Out of shot to my left is the bush with the blackbird – which I can’t touch until they’ve finished nesting, but eventually it too will need to go.
For the time being though the female blackbird is still there, sitting, watching and waiting – and lets me get quite close now. Although she always seems poised to make a fast getaway there’s never an indication that she’s scared of me – and thats just the way I want to keep it. I’m respectful and quiet while I’m out there and try not to invade her space.
On the subject of my tweety residents though there has been a sad development. When I first accidentally uncovered the nest I looked inside and there were four eggs.
Today the bird left the nest for a little while, and as neither male or female were around I had a quick peek inside.
Something has stolen TWO of the eggs!
Given that less than 50% of chicks (according to the research I’ve done) typically survive this means it will be a small miracle if there is a positive outcome from this state of affairs – however I live in hope.

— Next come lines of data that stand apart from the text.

Lemma deriv_on_jacobian : (forall v p, differentiable ('D_v f) p) ->
  exists dfu, deriv_on nonneg (fun t => fu t) dfu.
Proof.
move=> dDf; exists (fun t => \matrix_(i, j)
  ('d ('D_((delta_mx j 0, 0) : 'cV[R]_n * R) f) (u t, s) (fv t, 0)) i 0).
move=> t t0; apply/is_deriv_in_mxP => i j; rewrite mxE.
have -> : (fun x => fu x i j) =
    (fun x => 'D_((delta_mx j 0, 0) : 'cV[R]_n * R) f (u x, s) i 0).
  by apply/funext => x; rewrite mxE derive_partial1.
have := is_deriv_in_comp_pair (du t0) (dDf (delta_mx j 0, 0) (u t, s)).
by move=> /is_deriv_in_mxP; apply.
Qed.

Lemma adjoint_invariant (psi dpsi : R -> 'cV[R]_n) :
  deriv_on nonneg psi dpsi ->
  (forall t, 0 <= t -> dpsi t + (fu t)^T *m psi t + Ju t = 0) ->
  forall t, 0 <= t ->
    dotv (psi t) (fv t) + J (u t, s) = dotv (psi 0) (fv 0) + J (u 0, s).
Proof.
move=> dpsiP adj; apply: (deriv_on_nonneg_cst (g := fun t => _ + _)) => t t0.
have := is_deriv_inD (is_deriv_in_dotv (dpsiP t t0) (deriv_on_flow t0))
  (deriv_on_cost t0).
suff -> : dotv (dpsi t) (fv t) + dotv (psi t) (fu t *m fv t)
  + dotv (Ju t) (fv t) = 0 by [].
have := congr1 (fun a => (a^T *m fv t) 0 0) (adj t t0).
by rewrite /dotv /= !raddfD /= !mulmxDl trmx_mul trmxK mulmxA trmx0 mul0mx !mxE.
Qed.
Lemma sqnorm_gt0 n (v : 'cV[algC]_n) : v != 0 -> 0 < sqnorm v.
Proof.
move=> v_neq0; have [x vx_neq0] : exists x, v x 0 != 0.
  apply/existsP; apply: contraR v_neq0 => /existsPn v0; apply/eqP/matrixP => x j.
  by rewrite (ord1 j) mxE; apply/eqP; have := v0 x; rewrite negbK.
rewrite /sqnorm (bigD1 x) //= ltr_wpDr ?mul_conjC_gt0 //.
by apply: sumr_ge0 => y _; apply: mul_conjC_ge0.
Qed.

(* Both cross terms of [|u - u \o s|^2] equal [\sum_x u (s x) * (u x)^*]
   because [s] is an involution. *)
Lemma sum_involution_form (I : finType) (u : I -> algC) (s : I -> I) :
  involutive s ->
  \sum_x (2 * u (s x) - u x) * (u x)^* =
  \sum_x u x * (u x)^* - \sum_x (u x - u (s x)) * (u x - u (s x))^*.
Proof.
move=> sK; have s_inj : injective s := inv_inj sK.
set T := \sum_x u (s x) * (u x)^*.
have T' : \sum_x u x * (u (s x))^* = T.
  by rewrite (reindex_inj s_inj) /=; apply: eq_bigr => x _; rewrite sK.
have norm_s : \sum_x u (s x) * (u (s x))^* = \sum_x u x * (u x)^*.
  by rewrite [RHS](reindex_inj s_inj).
have -> : \sum_x (u x - u (s x)) * (u x - u (s x))^* =
    \sum_x u x * (u x)^* - \sum_x u x * (u (s x))^* - T
    + \sum_x u (s x) * (u (s x))^*.
  rewrite /T -!sumrB -big_split /=; apply: eq_bigr => x _.
  by rewrite rmorphB /=; ring.
have -> : \sum_x (2 * u (s x) - u x) * (u x)^* = 2 * T - \sum_x u x * (u x)^*.
  by rewrite /T mulr_sumr -sumrB; apply: eq_bigr => x _; ring.
by rewrite T' norm_s; ring.
Qed.
(* $\mathsf{ConC}_{[0,1]}\equiv_{sW}\overline{\mathsf{ConC}_{[0,1]}}\equiv_{sW}\mathsf{T}\mathsf{ConC}_{[0,1]}$.
   Context: A problem $f:\subseteq X\rightrightarrows Y$ between represented spaces is a partial multi-valued map; $F\vdash f$ means $\delta_YF(p)\in f(\delta_X(p))$ whenever $\delta_X(p)\in\mathrm{dom}(f)$; $f\le_{sW}g$ iff there are computable $H,K$ with $HGK\vdash f$ for all $G\vdash g$. $[0,1]$ is a computable metric space with the Cauchy representation; $\mathcal A_-([0,1])$ is the space of closed subsets represented by $p\mapsto[0,1]\setminus\bigcup_nB_{p(n)}$ where $(B_n)$ is a standard enumeration of rational open balls (including empty ones). $\mathsf{ConC}_{[0,1]}:\subseteq\mathcal A_-([0,1])\rightrightarrows[0,1]$, $A\mapsto A$, is defined exactly on the nonempty connected closed sets. For $p\in\mathbb{N}^\mathbb{N}$, $p-1$ is the concatenation of $p(0)-1,p(1)-1,\dots$ with $0-1$ the empty word; the completion of $(X,\delta_X)$ is $\overline X=X\cup\{\bot\}$ with $\delta_{\overline X}(p)=\delta_X(p-1)$ if $p-1$ is an infinite sequence in $\mathrm{dom}(\delta_X)$ and $\bot$ otherwise. For $f:\subseteq X\rightrightarrows Y$: $\overline f:\overline X\rightrightarrows\overline Y$ equals $f$ on $\mathrm{dom}(f)$ and $\overline Y$ elsewhere; $\mathsf Tf:X\rightrightarrows Y$ equals $f$ on $\mathrm{dom}(f)$ and $Y$ elsewhere. *)

From Stdlib Require Import Reals QArith Qreals Arith Lia Cantor.
From Stdlib Require Import Rtopology.
Open Scope R_scope.

Definition baire := nat -> nat.

(* Codes of (unary) partial recursive functions, with Cantor pairing. *)
Inductive prf : Type :=
| PZero | PSucc | PId | PFst | PSnd
| PPair (f g : prf)
| PComp (f g : prf)
| PRec (f g : prf)           (* <x,0> |-> f x ; <x,m+1> |-> g <x,<m, h<x,m>>> *)
| PMu (f : prf).             (* x |-> least n with f<x,n> = 0 (earlier values defined) *)

Inductive peval : prf -> nat -> nat -> Prop :=
| ev_zero x : peval PZero x 0
| ev_succ x : peval PSucc x (S x)
| ev_id x : peval PId x x
| ev_fst x : peval PFst x (fst (Cantor.of_nat x))
| ev_snd x : peval PSnd x (snd (Cantor.of_nat x))
| ev_pair f g x a b : peval f x a -> peval g x b ->
    peval (PPair f g) x (Cantor.to_nat (a, b))
| ev_comp f g x y z : peval g x y -> peval f y z -> peval (PComp f g) x z
| ev_rec0 f g x v : peval f x v -> peval (PRec f g) (Cantor.to_nat (x, 0%nat)) v
| ev_recS f g x m w v : peval (PRec f g) (Cantor.to_nat (x, m)) w ->
    peval g (Cantor.to_nat (x, Cantor.to_nat (m, w))) v ->
    peval (PRec f g) (Cantor.to_nat (x, S m)) v
| ev_mu f x n : peval f (Cantor.to_nat (x, n)) 0%nat ->
    (forall m, (m < n)%nat -> exists k, peval f (Cantor.to_nat (x, m)) (S k)) ->
    peval (PMu f) x n.

Fixpoint code_list (l : list nat) : nat :=
  match l with nil => 0%nat | cons a l => S (Cantor.to_nat (a, code_list l)) end.

Fixpoint prefix (p : baire) (k : nat) : list nat :=
  match k with 0%nat => nil | S k => app (prefix p k) (cons (p k) nil) end.

(* The partial function Baire -> Baire computed by the (type-2) machine e:
   on input p, the n-th output symbol is v whenever e(<p|k, n>) = v+1 for
   some prefix length k (0 meaning "no output yet"). *)
Definition Phi (e : prf) (p q : baire) : Prop :=
  forall n : nat,
    (exists k, peval e (Cantor.to_nat (code_list (prefix p k), n)) (S (q n))) /\
    (forall k v, peval e (Cantor.to_nat (code_list (prefix p k), n)) (S v) -> v = q n).

Record rep_space := { car : Type; rep : baire -> car -> Prop }.

(* a (partial multi-valued) problem f :⊆ X ⇉ Y, as a relation; dom f = {x | f x ≠ ∅} *)
Definition problem (X Y : rep_space) := car X -> car Y -> Prop.
Definition pdom {X Y : rep_space} (f : problem X Y) (x : car X) : Prop :=
  exists y, f x y.

Definition functional (F : baire -> baire -> Prop) : Prop :=
  forall p q1 q2, F p q1 -> F p q2 -> q1 = q2.

Definition realizes {X Y : rep_space} (F : baire -> baire -> Prop) (f : problem X Y) : Prop :=
  forall p x, rep X p x -> pdom f x ->
    exists q, F p q /\ exists y, rep Y q y /\ f x y.

Definition comp3 (H G K : baire -> baire -> Prop) (p t : baire) : Prop :=
  exists r s, K p r /\ G r s /\ H s t.

Definition sW_le {X Y U V : rep_space} (f : problem X Y) (g : problem U V) : Prop :=
  exists eH eK : prf,
    forall G : baire -> baire -> Prop, functional G -> realizes G g ->
      realizes (comp3 (Phi eH) G (Phi eK)) f.

Definition sW_equiv {X Y U V : rep_space} (f : problem X Y) (g : problem U V) : Prop :=
  sW_le f g /\ sW_le g f.

Definition minus1 (p q : baire) : Prop :=
  exists s : nat -> nat,
    (forall n, (s n < s (S n))%nat) /\
    (forall i, p i <> 0%nat <-> exists n, s n = i) /\
    (forall n, q n = (p (s n) - 1)%nat).

Definition completion (X : rep_space) : rep_space :=
  {| car := option (car X);
     rep := fun p ox => match ox with
                        | Some x => exists q, minus1 p q /\ rep X q x
                        | None => ~ exists q x, minus1 p q /\ rep X q x
                        end |}.

Definition pbar {X Y : rep_space} (f : problem X Y) : problem (completion X) (completion Y) :=
  fun ox oy => match ox with
               | Some x => (pdom f x /\ exists y, oy = Some y /\ f x y) \/ ~ pdom f x
               | None => True
               end.

Definition ptot {X Y : rep_space} (f : problem X Y) : problem X Y :=
  fun x y => f x y \/ ~ pdom f x.

Definition nuQ (n : nat) : Q :=
  let (a, b) := Cantor.of_nat n in
  let (c, d) := Cantor.of_nat a in
  Qmake (Z.of_nat c - Z.of_nat d)%Z (Pos.of_succ_nat b).

Definition unit_interval : rep_space :=
  {| car := R;
     rep := fun p x => 0 <= x <= 1 /\
                       forall i, Rabs (x - Q2R (nuQ (p i))) <= (/ 2) ^ i |}.

(* standard enumeration of rational open balls (radius <= 0 gives the empty ball) *)
Definition ball (n : nat) (x : R) : Prop :=
  let (a, b) := Cantor.of_nat n in
  Rabs (x - Q2R (nuQ a)) < Q2R (nuQ b).

Definition closed_neg : rep_space :=
  {| car := R -> Prop;
     rep := fun p A => forall x, A x <-> ((0 <= x <= 1) /\ forall n, ~ ball (p n) x) |}.

Definition connected (A : R -> Prop) : Prop :=
  ~ exists U V : R -> Prop,
      open_set U /\ open_set V /\
      (forall x, A x -> U x \/ V x) /\
      (exists x, A x /\ U x) /\ (exists x, A x /\ V x) /\
      (forall x, ~ (A x /\ U x /\ V x)).

Definition ConC : problem closed_neg unit_interval :=
  fun A x => A x /\ (exists y, A y) /\ connected A.

From Stdlib Require Import Reals Qreals ZArith Lia Lra Cantor List Rtopology.
Import ListNotations.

I raked up the earth by their bush before I went in today just to make sure that there was something to eat close to the surface. I hope that they found something for lunch because they deserve a break. Things would probably be very different if I’d not chopped away their cover.
Anyway – things are what they are.
This evening I’m cooking a large chunky soup in the hope that its size, warming effect and low calories will finally stop me wanting to eat my mattress (plus pillows and duvet) and allow me to relax a bit. I know that strictly speaking I’m supposed to be avoiding large portions, but today I honestly don’t feel resilient enough to be austere.
I just want to get the average mood of an average rainy day filled with average tasks and with average employment opportunities out of the way and wake up tomorrow with a sunnier frame of mind.
Of course I guess we all know internet that since tomorrow is a Friday instead I’ll most probably just be continually stressing all day long about whether or not I’ve lost any weight this week.
Sigh. I’d better go and stir my stew.